(Stored data)

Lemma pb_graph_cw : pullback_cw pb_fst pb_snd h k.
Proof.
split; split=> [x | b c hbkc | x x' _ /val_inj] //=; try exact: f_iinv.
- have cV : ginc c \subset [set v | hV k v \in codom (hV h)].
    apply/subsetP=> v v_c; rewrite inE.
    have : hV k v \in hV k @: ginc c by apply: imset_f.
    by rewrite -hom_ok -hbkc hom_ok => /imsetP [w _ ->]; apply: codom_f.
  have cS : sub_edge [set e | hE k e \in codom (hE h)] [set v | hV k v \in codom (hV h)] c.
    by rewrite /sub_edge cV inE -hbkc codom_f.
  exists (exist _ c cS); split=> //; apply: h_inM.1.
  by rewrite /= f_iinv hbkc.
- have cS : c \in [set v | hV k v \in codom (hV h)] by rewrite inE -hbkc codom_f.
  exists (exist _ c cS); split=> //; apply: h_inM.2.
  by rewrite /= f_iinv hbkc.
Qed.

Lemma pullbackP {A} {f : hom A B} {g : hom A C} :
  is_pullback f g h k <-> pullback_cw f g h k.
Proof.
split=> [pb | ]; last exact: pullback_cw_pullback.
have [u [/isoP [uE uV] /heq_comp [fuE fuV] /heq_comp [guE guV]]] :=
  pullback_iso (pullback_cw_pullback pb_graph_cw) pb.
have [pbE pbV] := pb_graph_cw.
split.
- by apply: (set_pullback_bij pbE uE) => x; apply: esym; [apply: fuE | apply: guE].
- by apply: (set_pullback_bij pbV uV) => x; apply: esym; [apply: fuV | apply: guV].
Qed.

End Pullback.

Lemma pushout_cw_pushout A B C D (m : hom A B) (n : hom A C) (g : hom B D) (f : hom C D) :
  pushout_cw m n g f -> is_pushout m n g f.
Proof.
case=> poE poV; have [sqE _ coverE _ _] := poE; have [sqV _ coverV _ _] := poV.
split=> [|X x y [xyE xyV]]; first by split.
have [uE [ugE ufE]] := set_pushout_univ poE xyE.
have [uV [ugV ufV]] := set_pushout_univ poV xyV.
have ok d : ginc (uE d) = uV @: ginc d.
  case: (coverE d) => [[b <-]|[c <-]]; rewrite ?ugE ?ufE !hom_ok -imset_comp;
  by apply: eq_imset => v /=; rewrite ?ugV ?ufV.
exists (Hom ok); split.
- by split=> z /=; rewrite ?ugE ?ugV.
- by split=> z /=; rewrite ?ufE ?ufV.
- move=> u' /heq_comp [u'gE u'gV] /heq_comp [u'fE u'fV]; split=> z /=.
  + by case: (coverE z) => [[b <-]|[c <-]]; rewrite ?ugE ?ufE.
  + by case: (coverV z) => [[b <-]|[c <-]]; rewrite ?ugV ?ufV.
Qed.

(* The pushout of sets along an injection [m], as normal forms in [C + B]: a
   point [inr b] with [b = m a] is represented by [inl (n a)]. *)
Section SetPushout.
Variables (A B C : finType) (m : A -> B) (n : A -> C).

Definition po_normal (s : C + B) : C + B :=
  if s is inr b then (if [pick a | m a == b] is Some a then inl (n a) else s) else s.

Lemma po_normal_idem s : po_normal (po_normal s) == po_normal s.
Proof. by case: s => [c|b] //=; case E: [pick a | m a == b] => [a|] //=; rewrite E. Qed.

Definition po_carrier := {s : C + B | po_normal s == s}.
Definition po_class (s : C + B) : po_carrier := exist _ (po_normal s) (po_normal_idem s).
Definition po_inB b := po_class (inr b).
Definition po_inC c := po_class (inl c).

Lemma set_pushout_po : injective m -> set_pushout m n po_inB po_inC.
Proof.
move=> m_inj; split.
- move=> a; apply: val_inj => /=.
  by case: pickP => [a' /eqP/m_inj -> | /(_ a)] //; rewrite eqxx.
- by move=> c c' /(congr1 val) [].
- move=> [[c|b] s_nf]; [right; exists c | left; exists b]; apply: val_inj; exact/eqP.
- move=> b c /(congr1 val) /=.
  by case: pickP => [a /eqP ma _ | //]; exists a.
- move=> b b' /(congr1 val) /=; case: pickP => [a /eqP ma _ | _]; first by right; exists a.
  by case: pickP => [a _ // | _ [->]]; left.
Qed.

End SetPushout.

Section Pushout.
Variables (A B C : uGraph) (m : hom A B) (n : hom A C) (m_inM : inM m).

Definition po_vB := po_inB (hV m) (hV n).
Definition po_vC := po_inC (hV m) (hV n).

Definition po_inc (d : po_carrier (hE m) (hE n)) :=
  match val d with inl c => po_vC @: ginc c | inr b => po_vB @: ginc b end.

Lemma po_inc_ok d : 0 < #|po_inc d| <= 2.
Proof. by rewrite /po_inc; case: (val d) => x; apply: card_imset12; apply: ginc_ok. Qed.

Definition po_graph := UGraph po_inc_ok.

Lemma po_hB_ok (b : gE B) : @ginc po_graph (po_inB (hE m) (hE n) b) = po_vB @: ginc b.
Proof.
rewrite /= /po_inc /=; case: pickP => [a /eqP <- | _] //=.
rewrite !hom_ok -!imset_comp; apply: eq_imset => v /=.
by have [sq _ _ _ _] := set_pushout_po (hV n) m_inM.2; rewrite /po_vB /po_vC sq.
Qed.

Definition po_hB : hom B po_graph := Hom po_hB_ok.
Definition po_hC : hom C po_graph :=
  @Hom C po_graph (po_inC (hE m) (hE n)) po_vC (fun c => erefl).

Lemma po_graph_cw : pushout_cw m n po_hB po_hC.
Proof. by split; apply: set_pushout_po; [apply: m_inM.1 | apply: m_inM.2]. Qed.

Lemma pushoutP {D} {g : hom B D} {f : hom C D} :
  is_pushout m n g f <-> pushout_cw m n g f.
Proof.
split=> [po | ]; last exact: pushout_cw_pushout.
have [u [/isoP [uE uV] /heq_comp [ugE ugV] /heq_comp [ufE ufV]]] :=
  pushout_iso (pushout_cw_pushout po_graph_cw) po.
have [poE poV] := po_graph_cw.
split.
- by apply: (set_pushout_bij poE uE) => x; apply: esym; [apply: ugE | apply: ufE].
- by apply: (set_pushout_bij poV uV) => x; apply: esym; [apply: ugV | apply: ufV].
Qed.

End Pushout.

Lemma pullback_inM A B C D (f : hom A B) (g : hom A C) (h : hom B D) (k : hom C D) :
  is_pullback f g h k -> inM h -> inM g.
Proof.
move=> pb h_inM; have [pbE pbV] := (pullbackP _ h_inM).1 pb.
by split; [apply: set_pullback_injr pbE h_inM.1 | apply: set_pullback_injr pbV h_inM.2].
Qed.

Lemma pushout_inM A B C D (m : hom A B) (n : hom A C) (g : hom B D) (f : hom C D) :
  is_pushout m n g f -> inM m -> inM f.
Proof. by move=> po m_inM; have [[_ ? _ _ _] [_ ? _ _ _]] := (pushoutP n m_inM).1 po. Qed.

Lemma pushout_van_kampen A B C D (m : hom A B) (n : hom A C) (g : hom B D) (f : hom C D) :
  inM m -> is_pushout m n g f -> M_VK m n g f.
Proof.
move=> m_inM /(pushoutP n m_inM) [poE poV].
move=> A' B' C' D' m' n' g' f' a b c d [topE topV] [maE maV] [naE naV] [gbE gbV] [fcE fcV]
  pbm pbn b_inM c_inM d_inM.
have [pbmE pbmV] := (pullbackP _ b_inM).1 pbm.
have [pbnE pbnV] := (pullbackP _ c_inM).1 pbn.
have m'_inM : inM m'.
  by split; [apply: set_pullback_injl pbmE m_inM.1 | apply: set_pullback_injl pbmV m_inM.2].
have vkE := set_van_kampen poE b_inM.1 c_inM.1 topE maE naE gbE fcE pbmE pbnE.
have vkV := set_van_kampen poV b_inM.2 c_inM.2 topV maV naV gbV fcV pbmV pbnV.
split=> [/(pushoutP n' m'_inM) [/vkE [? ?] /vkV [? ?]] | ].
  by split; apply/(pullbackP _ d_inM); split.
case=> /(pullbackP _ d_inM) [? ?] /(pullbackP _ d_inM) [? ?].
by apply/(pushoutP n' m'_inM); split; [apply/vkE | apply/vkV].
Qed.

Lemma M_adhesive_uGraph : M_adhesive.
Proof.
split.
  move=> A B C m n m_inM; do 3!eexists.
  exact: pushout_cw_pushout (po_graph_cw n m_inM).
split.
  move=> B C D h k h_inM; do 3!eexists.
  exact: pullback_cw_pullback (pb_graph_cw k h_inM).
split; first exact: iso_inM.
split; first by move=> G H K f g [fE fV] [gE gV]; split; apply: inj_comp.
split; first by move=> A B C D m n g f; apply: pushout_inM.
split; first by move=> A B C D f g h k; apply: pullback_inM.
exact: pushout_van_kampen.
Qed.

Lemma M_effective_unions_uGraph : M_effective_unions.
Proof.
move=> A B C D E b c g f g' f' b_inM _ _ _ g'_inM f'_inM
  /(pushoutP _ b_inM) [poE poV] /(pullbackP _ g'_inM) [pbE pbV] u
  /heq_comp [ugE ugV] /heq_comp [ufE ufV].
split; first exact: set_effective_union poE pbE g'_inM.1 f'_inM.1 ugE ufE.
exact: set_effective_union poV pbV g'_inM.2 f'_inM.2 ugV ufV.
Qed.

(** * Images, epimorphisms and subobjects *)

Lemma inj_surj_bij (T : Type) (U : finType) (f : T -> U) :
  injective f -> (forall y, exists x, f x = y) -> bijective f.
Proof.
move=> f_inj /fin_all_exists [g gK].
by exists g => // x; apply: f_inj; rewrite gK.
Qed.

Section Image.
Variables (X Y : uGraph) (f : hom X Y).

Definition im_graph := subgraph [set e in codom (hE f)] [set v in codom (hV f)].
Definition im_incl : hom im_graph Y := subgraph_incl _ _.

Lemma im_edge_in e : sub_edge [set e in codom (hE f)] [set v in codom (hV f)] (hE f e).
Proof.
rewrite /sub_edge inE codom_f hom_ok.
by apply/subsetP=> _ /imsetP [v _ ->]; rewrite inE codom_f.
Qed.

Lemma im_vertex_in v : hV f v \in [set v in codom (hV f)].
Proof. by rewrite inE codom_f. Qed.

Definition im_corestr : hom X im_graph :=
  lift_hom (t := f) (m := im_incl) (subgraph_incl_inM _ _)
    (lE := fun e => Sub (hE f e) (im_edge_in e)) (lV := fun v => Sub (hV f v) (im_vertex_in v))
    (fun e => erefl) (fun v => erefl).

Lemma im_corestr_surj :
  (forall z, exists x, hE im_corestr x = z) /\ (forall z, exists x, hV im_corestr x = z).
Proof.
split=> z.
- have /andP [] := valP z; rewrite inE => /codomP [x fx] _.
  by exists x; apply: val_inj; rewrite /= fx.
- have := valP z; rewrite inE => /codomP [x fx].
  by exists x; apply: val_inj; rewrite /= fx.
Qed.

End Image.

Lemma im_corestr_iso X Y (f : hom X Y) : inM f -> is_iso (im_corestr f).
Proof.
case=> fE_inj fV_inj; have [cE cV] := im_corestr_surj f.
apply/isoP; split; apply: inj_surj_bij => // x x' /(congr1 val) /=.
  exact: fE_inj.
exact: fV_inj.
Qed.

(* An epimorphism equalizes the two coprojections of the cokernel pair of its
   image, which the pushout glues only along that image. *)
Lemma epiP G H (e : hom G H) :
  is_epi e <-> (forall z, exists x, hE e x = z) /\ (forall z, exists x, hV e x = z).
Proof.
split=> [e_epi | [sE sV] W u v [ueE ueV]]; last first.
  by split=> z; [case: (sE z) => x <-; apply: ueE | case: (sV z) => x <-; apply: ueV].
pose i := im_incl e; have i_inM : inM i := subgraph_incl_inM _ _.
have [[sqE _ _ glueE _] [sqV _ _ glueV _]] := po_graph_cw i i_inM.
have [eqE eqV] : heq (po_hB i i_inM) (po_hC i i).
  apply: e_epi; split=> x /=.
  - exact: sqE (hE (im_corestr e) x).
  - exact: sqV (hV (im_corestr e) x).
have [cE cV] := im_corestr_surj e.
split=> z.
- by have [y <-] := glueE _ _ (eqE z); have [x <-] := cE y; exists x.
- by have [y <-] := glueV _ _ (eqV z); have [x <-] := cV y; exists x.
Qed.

_WHAT THIS TASK INVOLVES:_ Exactly as written, reproduce the lines of the data above from the first line through the line where "- by apply: (set_pullback_bij pbE" appears.

_SOLUTION BELOW:_
Lemma pb_graph_cw : pullback_cw pb_fst pb_snd h k.
Proof.
split; split=> [x | b c hbkc | x x' _ /val_inj] //=; try exact: f_iinv.
- have cV : ginc c \subset [set v | hV k v \in codom (hV h)].
    apply/subsetP=> v v_c; rewrite inE.
    have : hV k v \in hV k @: ginc c by apply: imset_f.
    by rewrite -hom_ok -hbkc hom_ok => /imsetP [w _ ->]; apply: codom_f.
  have cS : sub_edge [set e | hE k e \in codom (hE h)] [set v | hV k v \in codom (hV h)] c.
    by rewrite /sub_edge cV inE -hbkc codom_f.
  exists (exist _ c cS); split=> //; apply: h_inM.1.
  by rewrite /= f_iinv hbkc.
- have cS : c \in [set v | hV k v \in codom (hV h)] by rewrite inE -hbkc codom_f.
  exists (exist _ c cS); split=> //; apply: h_inM.2.
  by rewrite /= f_iinv hbkc.
Qed.

Lemma pullbackP {A} {f : hom A B} {g : hom A C} :
  is_pullback f g h k <-> pullback_cw f g h k.
Proof.
split=> [pb | ]; last exact: pullback_cw_pullback.
have [u [/isoP [uE uV] /heq_comp [fuE fuV] /heq_comp [guE guV]]] :=
  pullback_iso (pullback_cw_pullback pb_graph_cw) pb.
have [pbE pbV] := pb_graph_cw.
split.
- by apply: (set_pullback_bij pbE uE) => x; apply: esym; [apply: fuE | apply: guE].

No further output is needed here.